Scientists unveil the functional landscape of essential genes

Scientists unveil the functional landscape of essential genes

A team of scientists from the Whitehead Institute for Biomedical Research and the Broad Institute at MIT and Harvard have systematically assessed the functions of more than 5,000 essential human genes using a new imaging-based screening method. Their analysis leverages CRISPR-Cas9 to knock out gene activity and provides a unique resource for understanding and visualizing gene function in a wide range of cellular processes with spatial and temporal resolution. The team’s findings cover more than 31 million individual cells and include quantitative data on hundreds of different parameters that help predict how genes work and work together. The new study appears in the November 7 online issue of the journal Cell.

“Throughout my career, I’ve wanted to see what happens in cells when the function of an essential gene is knocked out,” says MIT Professor Iain Cheeseman, lead author of the study and fellow at the Whitehead Institute. “Now we can do this, not just for one gene, but for every gene that matters to a human cell dividing in a box, and it’s extremely powerful. The resource we’ve created will not only benefit our own lab , but also to laboratories around the world.

Systematic disruption of essential gene function is not a new concept, but conventional methods have been limited by various factors, including cost, feasibility, and the ability to completely eliminate essential gene activity. Cheeseman, who is the Herman and Margaret Sokol Professor of Biology at MIT, and his colleagues collaborated with MIT Associate Professor Paul Blainey and his team at the Broad Institute to define and realize this ambitious common goal. Broad Institute researchers have pioneered a new genetic screening technology that combines two approaches: large-scale pooled genetic screens using CRISPR-Cas9 and cell imaging to reveal quantitative and qualitative differences. Moreover, the method is inexpensive compared to other methods and is performed using commercially available equipment.

“We are proud to show the incredible resolution of cellular processes accessible with low-cost imaging assays in partnership with Iain’s lab at the Whitehead Institute,” says Blainey, lead study author, associate professor in the Department of Engineering Biology at MIT, Fellow of the Koch Institute for Integrative Cancer Research at MIT, and Senior Fellow of the Institute at the Broad Institute.” And clearly that’s just the tip of the iceberg for our approach. The ability to link genetic perturbations based on even more detailed phenotypic readouts is imperative, and now accessible, for many areas of future research.

Cheeseman adds, “The ability to bioscreen clustered cells is a fundamental game-changer. You have two cells side by side and therefore your ability to make statistically significant calculations of whether they are the same or not is so much higher, and you can discern very small differences.

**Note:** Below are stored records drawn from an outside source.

Lemma whitened_weights_norm {n} {C U A : 'M[R]_n} {dv : 'rV[R]_n} {v : 'cV[R]_n} :
  U^T *m U = 1%:M -> C = U *m diag_mx dv *m U^T -> A \in unitmx ->
  A *m C *m A^T = 1%:M -> v^T *m v = 1%:M ->
  \sum_k (v^T *m inv_sqrt_from_eig U dv *m invmx A) 0 k ^+ 2 = 1.
Proof.
move=> UtU eig A_unit ACA vtv; apply: row_sqr_sum.
set S := inv_sqrt_from_eig U dv.
have C_fact := covmx_factor A_unit ACA.
have dv_pos : forall i, 0 < dv 0 i.
  by apply: (eigval_pos _ (invmx A) _ UtU); rewrite ?unitmx_inv // -eig.
have SCS : S *m C *m S^T = 1%:M by rewrite eig; exact: inv_sqrt_whitens.
rewrite (trmx_mul (v^T *m S)) (trmx_mul v^T) trmxK.
transitivity (v^T *m (S *m (invmx A *m (invmx A)^T) *m S^T) *m v).
  by rewrite !mulmxA.
by rewrite -C_fact SCS mulmx1.
Qed.
End whitening.

Section random_vectors.
Context {d : measure_display} {T : measurableType d} {R : realType}.
Context {P : probability T R} {p : nat} {x : 'I_p -> T -> R}.

Section square_integrable.
Hypothesis x2 : forall i, x i \in Lfun P 2%:E.

Lemma Lfun2_affine_rv (A : 'M[R]_p) (b : 'cV[R]_p) i :
  affine_rv A b x i \in Lfun P 2%:E.
Proof. exact: Lfun2_affine. Qed.

Lemma meanvec_affine (A : 'M[R]_p) (b : 'cV[R]_p) :
  meanvec P (affine_rv A b x) = A *m meanvec P x + b.
Proof.
apply/matrixP => i k; rewrite [k]ord1 !mxE expectation_affine //.
by congr (_ + _); apply: eq_bigr => j _; rewrite mxE.
Qed.

Lemma covmx_affine (A : 'M[R]_p) (b : 'cV[R]_p) :
  covmx P (affine_rv A b x) = A *m covmx P x *m A^T.
Proof.
apply/matrixP => i k; rewrite mxE covariance_affine_l ?Lfun2_affine_rv //.
under eq_bigr => j _ do rewrite covarianceC covariance_affine_l // mulr_sumr.
rewrite mxE exchange_big /=; apply: eq_bigr => l _.
rewrite mxE mulr_suml; apply: eq_bigr => j _.
by rewrite !mxE covarianceC mulrCA mulrC.
Qed.
End square_integrable.

Lemma lincomb_standardize (S : 'M[R]_p) (v : 'cV[R]_p) {A : 'M[R]_p} {b : 'cV[R]_p} :
  A \in unitmx -> A *m meanvec P x + b = 0 ->
  lincomb v (standardize P S x) =
  (fun t => \sum_k (v^T *m S *m invmx A) 0 k * affine_rv A b x k t).
Proof.
move=> A_unit Ez0; apply/funext => t.
set xc := \col_j (x j t - meanvec P x j 0).
set zt := \col_k affine_rv A b x k t.
have zE : zt = A *m xc.
  apply/matrixP => k l; rewrite [l]ord1 !mxE /affine_rv.
  have -> : b k 0 = - \sum_j A k j * meanvec P x j 0.
    have := congr1 (fun M : 'cV[R]_p => M k 0) Ez0; rewrite !mxE.
    by move/eqP; rewrite addrC addr_eq0 => /eqP.
  rewrite -sumrN -big_split /=.
  by apply: eq_bigr => j _; rewrite !mxE mulrBr.
transitivity ((v^T *m (S *m xc)) 0 0).
  rewrite /lincomb /standardize mxE; apply: eq_bigr => i _.
  by rewrite !mxE; congr (_ * _); apply: eq_bigr => j _; rewrite !mxE.
rewrite -(mulKmx A_unit xc) -zE !mulmxA mxE.
by apply: eq_bigr => k _; rewrite [zt _ _]mxE.
Qed.
End random_vectors.

Lemma sqr_weighted_le_bigmax (R : realFieldType) n (w a : 'I_n -> R) (a0 : R) :
  \sum_k w k ^+ 2 = 1 -> \sum_k w k ^+ 2 * a k <= \big[Num.max/a0]_k a k.
Proof.
move=> w1; rewrite -[X in _ <= X]mul1r -w1 mulr_suml.
by apply: ler_sum => k _; rewrite ler_wpM2l ?sqr_ge0 ?le_bigmax.
Qed.

Lemma sqr_weighted_ge_bigmin (R : realFieldType) n (w a : 'I_n -> R) (a0 : R) :
  \sum_k w k ^+ 2 = 1 -> \big[Num.min/a0]_k a k <= \sum_k w k ^+ 2 * a k.
Proof.
move=> w1; rewrite -[X in X <= _]mul1r -w1 mulr_suml.
by apply: ler_sum => k _; rewrite ler_wpM2l ?sqr_ge0 ?bigmin_le.
Qed.
Lemma zt_linear v t y : (y < 2 * n)%nat ->
  zt n U v t y = sumR (2 * n) (fun x => v x * zt n U (unit_vec x) t y).
Proof.
  revert y; induction t; intros y Hy; cbn [zt].
  - rewrite <- (sumR_indicator (2 * n) y (v y)) by auto. apply sumR_ext. intros i _.
    unfold unit_vec. destruct (Nat.eqb_spec i y), (Nat.eqb_spec y i); subst; try lia; lra.
  - transitivity (sumR (2 * n) (fun a => sumR (2 * n) (fun x => v x * zt n U (unit_vec x) t a * K n U a y))).
    + apply sumR_ext. intros a Ha. rewrite IHt, <- sumR_scal_r by auto. reflexivity.
    + rewrite sumR_swap. apply sumR_ext. intros x _. cbn [zt]. rewrite <- sumR_scal_l.
      apply sumR_ext. intros. ring.
Qed.

Lemma zt_sub_scal v w c t y :
  zt n U (fun a => v a - c * w a) t y = zt n U v t y - c * zt n U w t y.
Proof.
  revert y; induction t; intros y; cbn [zt]; [reflexivity|].
  rewrite <- sumR_scal_l, <- sumR_minus. apply sumR_ext. intros. rewrite IHt. ring.
Qed.

Lemma zt_stationary pi t y : is_stationary n U pi -> (y < 2 * n)%nat -> zt n U pi t y = pi y.
Proof.
  intros [_ [_ Hpi]]. revert y; induction t; intros y Hy; cbn [zt]; [reflexivity|].
  rewrite <- (Hpi y Hy). apply sumR_ext. intros. rewrite IHt; auto.
Qed.

Lemma zt_add v a b y : zt n U v (a + b) y = zt n U (zt n U v a) b y.
Proof.
  revert y; induction b; intros y; [rewrite Nat.add_0_r; reflexivity|].
  rewrite Nat.add_succ_r. cbn [zt]. apply sumR_ext. intros. rewrite IHb. reflexivity.
Qed.

Lemma zt_nonneg v t y :
  (forall a, (a < 2 * n)%nat -> 0 <= v a) -> (y < 2 * n)%nat -> 0 <= zt n U v t y.
Proof.
  intros Hv. revert y; induction t; intros y Hy; cbn [zt]; auto.
  apply sumR_nonneg. intros. apply Rmult_le_pos; auto. apply K_nonneg.
Qed.

Lemma zt_mass v t : sumR (2 * n) (fun y => zt n U v t y) = sumR (2 * n) v.
Proof.
  induction t; [reflexivity|]. rewrite <- IHt. cbn [zt]. rewrite sumR_swap.
  apply sumR_ext. intros a Ha. rewrite sumR_scal_l, K_rowsum by auto. ring.
Qed.

Definition l1_norm (v : nat -> R) : R := sumR (2 * n) (fun y => Rabs (v y)).

Lemma zt_l1_nonexpansive v t : l1_norm (zt n U v (S t)) <= l1_norm (zt n U v t).
Proof.
  unfold l1_norm.
  apply Rle_trans with (sumR (2 * n) (fun y => sumR (2 * n) (fun a => Rabs (zt n U v t a) * K n U a y))).
  - apply sumR_le. intros y _. cbn [zt]. eapply Rle_trans; [apply sumR_abs|].
    apply sumR_le. intros a _. rewrite Rabs_mult, (Rabs_right (K n U a y)); [lra|].
    apply Rle_ge, K_nonneg.
  - rewrite sumR_swap. apply Req_le, sumR_ext. intros a Ha. rewrite sumR_scal_l, K_rowsum by auto. ring.
Qed.

Lemma zt_l1_nonexpansive_iter v t r : l1_norm (zt n U v (t + r)) <= l1_norm (zt n U v t).
Proof.
  induction r; [rewrite Nat.add_0_r; lra|].
  rewrite Nat.add_succ_r. eapply Rle_trans; [apply zt_l1_nonexpansive | exact IHr].
Qed.
Lemma uncons_edgeK (S : {set 'I_N.+1 * 'I_M.+1}) :
  edges_injective S -> (ord0, b0) \in S -> cons_edge (uncons_edge S) = S.
Proof.
move=> /edges_injectiveP inj S0; apply/setP => -[a b]; apply/setU1P/idP.
  by case=> [->//|/imsetP[e]]; rewrite inE => Se ->.
move=> Sab; have [inj1 inj2] := inj _ _ Sab S0.
case: (unliftP ord0 a) => [a' Ea|Ea]; last by left; apply: inj1; rewrite Ea.
case: (unliftP b0 b) => [b' Eb|Eb]; last by left; apply: inj2; rewrite Eb.
by right; apply/imsetP; exists (a', b'); rewrite ?inE /lift_edge /= -?Ea -?Eb.
Qed.

Lemma card_cons_edge S : #|cons_edge S| = #|S|.+1.
Proof. by rewrite cardsU1 new_edge_notin card_imset //; apply: lift_edge_inj. Qed.

Lemma top_free_cons_edge0 S : top_free (cons_edge S) ord0 = false.
Proof. by rewrite /top_free forall_in_setU1 eqxx. Qed.

Lemma top_free_cons_edge S c : top_free (cons_edge S) (lift ord0 c) = top_free S c.
Proof.
rewrite /top_free forall_in_setU1 forall_in_imset /=.
by apply: eq_forallb => e /=; rewrite (inj_eq lift_inj).
Qed.

Lemma bot_free_cons_edge0 S : bot_free (cons_edge S) b0 = false.
Proof. by rewrite /bot_free forall_in_setU1 eqxx. Qed.

Lemma bot_free_cons_edge S d : bot_free (cons_edge S) (lift b0 d) = bot_free S d.
Proof.
rewrite /bot_free forall_in_setU1 forall_in_imset /= neq_lift /=.
by apply: eq_forallb => e /=; rewrite (inj_eq lift_inj).
Qed.

Lemma edges_injective_cons_edge S : edges_injective (cons_edge S) = edges_injective S.
Proof.
apply/edges_injectiveP/edges_injectiveP => inj e1 e2 S1 S2.
  have [H1 H2] := inj _ _ (setU1r _ (imset_f lift_edge S1)) (setU1r _ (imset_f lift_edge S2)).
  by split=> E; apply: lift_edge_inj; [apply: H1; rewrite /= E | apply: H2; rewrite /= E].
have new_neq e : ((ord0 : 'I_N.+1) != lift ord0 e.1) && (b0 != lift b0 e.2).
  by rewrite !neq_lift.
case/setU1P: S1 => [->|/imsetP[x1 Sx1 ->]]; case/setU1P: S2 => [->|/imsetP[x2 Sx2 ->]] //.
- by have /andP[/eqP? /eqP?] := new_neq x2; split.
- by have /andP[/eqP? /eqP?] := new_neq x1; split=> /esym.
have [H1 H2] := inj x1 x2 Sx1 Sx2.
by split=> /= /lift_inj E; congr lift_edge; [apply: H1 | apply: H2].
Qed.

Lemma avoids_box_cons_edge A B S : (0 < A)%N || (B == 0)%N ->
  avoids_box A B (cons_edge S) = (B <= b0)%N && avoids_box A.-1 B S.
Proof.
move=> AB; rewrite /avoids_box forall_in_setU1 forall_in_imset /=.
have -> : ~~ ((0 < A)%N && (b0 < B)%N) = (B <= b0)%N.
  by case/orP: AB => [->|/eqP->]; rewrite ?ltn0 ?andbF // -leqNgt.
case: (leqP B b0) => // le_Bb0; apply: eq_forallb => e.
rewrite /bump leq0n add1n; case: A {AB} => [|A] //=; rewrite ltnS.
by congr (_ ==> ~~ (_ && _)); case: (leqP b0 e.2) => /= ?; lia.
Qed.
(* Let $P$ be a finite type $\mathbb{N}$-graded upho poset with minimum element $\hat 0$ and rank function $\rho$, and suppose $P$ is a meet semilattice. Then for every integer $m\ge 1$, \[ \sum_{\substack{(p_1,\ldots,p_m)\in P^m,\\ p_1\wedge\cdots\wedge p_m=\hat 0}} x^{\rho(p_1)+\cdots+\rho(p_m)} = F_P(x)^m\cdot F_P(x^m)^{-1} \] as formal power series.
   Context: A poset $P$ is $\mathbb{N}$-graded if $P = P_0\sqcup P_1\sqcup P_2\sqcup\cdots$ (disjoint union) such that every maximal chain has the form $p_0\lessdot p_1\lessdot p_2\lessdot\cdots$ with $p_i\in P_i$ for all $i$. Its rank function $\rho\colon P\to\mathbb{N}$ is $\rho(p)=i$ for $p\in P_i$. $P$ has finite type if $\#P_i<\infty$ for all $i$. The rank generating function is $F_P(x)=\sum_{p\in P}x^{\rho(p)}$. $P$ is upper homogeneous (upho) if for every $p\in P$ the principal order filter $V_p=\{q\in P: q\ge p\}$ is isomorphic as a poset to $P$. A meet semilattice is a poset in which every pair of elements has a greatest lower bound $\wedge$. *)

From HB Require Import structures.
From mathcomp Require Import all_boot all_order all_algebra finmap.
From mathcomp Require Import boolp classical_sets cardinality.
Set Implicit Arguments. Unset Strict Implicit. Unset Printing Implicit Defensive.
Import Order.TTheory GRing.Theory Num.Theory.
Local Open Scope order_scope.

Section PosetDefs.
Context {d : Order.disp_t} {T : porderType d}.

Definition covers (a b : T) : Prop :=
  a < b /\ ~ (exists c, a < c /\ c < b).

Definition is_chain (C : set T) : Prop :=
  forall x y, C x -> C y -> x <= y \/ y <= x.

Definition maximal_chain (C : set T) : Prop :=
  is_chain C /\ forall D : set T, is_chain D -> (C `<=` D)%classic -> D = C.

Definition N_graded (rho : T -> nat) : Prop :=
  forall C : set T, maximal_chain C ->
    exists c : nat -> T,
      (forall x, C x <-> exists i, c i = x) /\
      (forall i, covers (c i) (c i.+1) /\ rho (c i) = i).

Definition finite_type (rho : T -> nat) : Prop :=
  forall i, finite_set [set p : T | rho p = i].

Definition filter_of (p : T) : set T := [set q : T | p <= q].

Definition iso_to_filter (p : T) : Prop :=
  exists f : T -> T,
    (forall x, filter_of p (f x)) /\
    (forall q, filter_of p q -> exists x, f x = q) /\
    (forall x y, (x <= y) <-> (f x <= f y)).

Definition upho : Prop := forall p : T, iso_to_filter p.

End PosetDefs.

Definition card_set {U : choiceType} (A : set U) : nat := #|` fset_set A|%fset.

Definition series := nat -> rat.

Local Open Scope ring_scope.

Definition smul (a b : series) : series :=
  fun n => \sum_(i < n.+1) a i * b (n - i)%N.

Definition sone : series := fun n => if n == 0%N then 1 else 0.

Definition spow (a : series) (m : nat) : series := iter m (smul a) sone.

(* substitution x |-> x^m *)
Definition ssubst_pow (a : series) (m : nat) : series :=
  fun n => if (m %| n)%N then a (n %/ m)%N else 0.

(* multiplicative inverse of a power series with invertible constant term:
   b_0 = a_0^-1, b_n = - a_0^-1 * sum_{k=1}^{n} a_k b_{n-k}.
   inv_list a n = [:: b_n; b_{n-1}; ...; b_0]. *)
Fixpoint inv_list (a : series) (n : nat) : seq rat :=
  match n with
  | 0%N => [:: (a 0%N)^-1]
  | n'.+1 =>
      let l := inv_list a n' in
      (- (a 0%N)^-1 * \sum_(k < n'.+1) a k.+1 * nth 0 l k) :: l
  end.

Definition sinv (a : series) : series := fun n => head 0 (inv_list a n).

Definition rank_gf {d} {T : porderType d} (rho : T -> nat) : series :=
  fun n => (card_set [set p : T | rho p = n])%:R.

Definition meet_seq {d} {T : meetSemilatticeType d} (s : seq T) (dflt : T) : T :=
  match s with
  | [::] => dflt
  | x :: s' => foldl Order.meet x s'
  end.

Definition meet_zero_gf {d} {T : meetSemilatticeType d} (rho : T -> nat)
    (z : T) (m : nat) : series :=
  fun n => (card_set [set t : m.-tuple T |
              meet_seq t z = z /\ (\sum_(p <- t) rho p)%N = n])%:R.

From mathcomp Require Import all_boot all_order all_algebra finmap.
From mathcomp Require Import boolp classical_sets cardinality.
From mathcomp Require Import zify.
Set Implicit Arguments. Unset Strict Implicit. Unset Printing Implicit Defensive.
Import Order.TTheory GRing.Theory Num.Theory.

(* Every m-tuple of P has a meet q, and an isomorphism P ~ V_q carries the
   m-tuples with meet 0 bijectively onto those with meet q, raising the total
   rank by m * rho q.  Sorting the m-tuples by their meet therefore gives
   F_P(x)^m = F_P(x^m) * G(x), where G is the left-hand side; F_P(x^m) is
   invertible because 0 is the only element of rank 0. *)

Section Series.
Local Open Scope ring_scope.
Implicit Types a b c : series.

Definition series_trunc a n : {poly rat} := \poly_(i < n.+1) a i.

Lemma coef_series_trunc a n i : (i <= n)%N -> (series_trunc a n)`_i = a i.
Proof. by move=> le_in; rewrite coef_poly ltnS le_in. Qed.

Lemma smul_coefM a b (p q : {poly rat}) n :
  (forall i, (i <= n)%N -> p`_i = a i) -> (forall i, (i <= n)%N -> q`_i = b i) ->
  smul a b n = (p * q)`_n.
Proof.
move=> pE qE; rewrite coefM /smul; apply: eq_bigr => -[i /= lt_in] _.
by rewrite pE // qE // leq_subr.
Qed.

Lemma coef_series_truncM a b n i : (i <= n)%N ->
  (series_trunc a n * series_trunc b n)`_i = smul a b i.
Proof.
move=> le_in; symmetry; apply: smul_coefM => j le_ji; apply: coef_series_trunc;
  exact: leq_trans le_ji le_in.
Qed.

Lemma smulC a b : smul a b = smul b a.
Proof.
apply: funext => n.
by rewrite -(coef_series_truncM a b (leqnn n)) -(coef_series_truncM b a (leqnn n)) mulrC.
Qed.

Lemma smulA a b c : smul (smul a b) c = smul a (smul b c).
Proof.
apply: funext => n.
rewrite (@smul_coefM _ _ (series_trunc a n * series_trunc b n) (series_trunc c n)).
- rewrite -mulrA; symmetry.
  by apply: smul_coefM => i le_in; [exact: coef_series_trunc | exact: coef_series_truncM].
- exact: coef_series_truncM.
- exact: coef_series_trunc.
Qed.

Lemma smul_sone a : smul a sone = a.
Proof.
apply: funext => n; rewrite (@smul_coefM _ _ (series_trunc a n) 1).
- by rewrite mulr1 coef_series_trunc.
- exact: coef_series_trunc.
- by move=> i _; rewrite coef1 /sone; case: (i == 0%N).
Qed.

Lemma nth_inv_list a n k : (k <= n)%N -> nth 0 (inv_list a n) k = sinv a (n - k)%N.
Proof. by elim: n k => [|n IHn] [|k] //=; rewrite ltnS subSS => /IHn. Qed.

Lemma smul_sinv a : a 0%N != 0 -> smul a (sinv a) = sone.
Proof.
move=> a0_neq0; apply: funext => -[|n]; rewrite /smul /sone.
  by rewrite big_ord1 /sinv /= mulfV.
rewrite big_ord_recl /= subn0.
have -> : sinv a n.+1 = - (a 0%N)^-1 * \sum_(k < n.+1) a k.+1 * sinv a (n - k)%N.
  rewrite {1}/sinv /=; congr (_ * _); apply: eq_bigr => -[k lt_kn] _ /=.
  by rewrite nth_inv_list.
rewrite mulrA mulrN mulfV // mulN1r.
under [X in _ + X]eq_bigr => i _ do rewrite /bump /= add1n subSS.
exact: addNr.
Qed.

End Series.

Definition rank_sum {T : Type} (rho : T -> nat) (s : seq T) : nat :=
  \sum_(p <- s) rho p.

Lemma rank_sum_cons (T : Type) (rho : T -> nat) x s :
  rank_sum rho (x :: s) = (rho x + rank_sum rho s)%N.
Proof. exact: big_cons. Qed.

Cheeseman, Blainey, lead authors Luke Funk and Kuan-Chung Su and their colleagues assessed the functions of 5,072 essential genes in a human cell line. They analyzed four markers across the cells on their screen – DNA; DNA damage response, a key cellular pathway that detects and responds to damaged DNA; and two important structural proteins, actin and tubulin. In addition to their main screen, the scientists also carried out a smaller follow-up screen focused on some 200 genes involved in cell division (also called “mitosis”). The genes were identified in their initial screen as playing a clear role in mitosis but had not previously been associated with the process. This data, which is made available through a companion website, provides a resource for other scientists to study the functions of genes of interest to them.

“There’s a tremendous amount of information we’ve gathered about these cells. For example, for the cell nucleus, it is not only its brilliant color, but its size, its roundness, are the edges smooth or bumpy? said Cheeseman. “A computer can really extract a wealth of spatial information.”

From this rich and multidimensional data, the work of the scientists provides a kind of cellular biological “fingerprint” for each gene analyzed in the screen. Using sophisticated computational clustering strategies, researchers can compare these fingerprints to each other and establish potential regulatory relationships between genes. Because the team’s data confirms multiple relationships that are already known, they can be used to make confident predictions about genes whose functions and/or interactions with other genes are unknown.

There are a host of notable findings to emerge from the researchers’ screening data, including a surprising one related to ion channels. two genes, AQP7 and ATP1A1, have been identified for their roles in mitosis, particularly the proper segregation of chromosomes. These genes code for membrane-bound proteins that transport ions in and out of the cell. “In all the years I’ve worked on mitosis, I never would have imagined that ion channels were involved,” says Cheeseman.

He adds: “We are only scratching the surface of what can be discovered from our data. We hope that many more will not only benefit from this resource, but also be inspired by it.

This work was supported by grants from the U.S. National Institutes of Health as well as support from the Gordon and Betty Moore Foundation, a National Defense Science and Engineering Graduate Fellowship, and a Council Fellowship research in the natural sciences and engineering.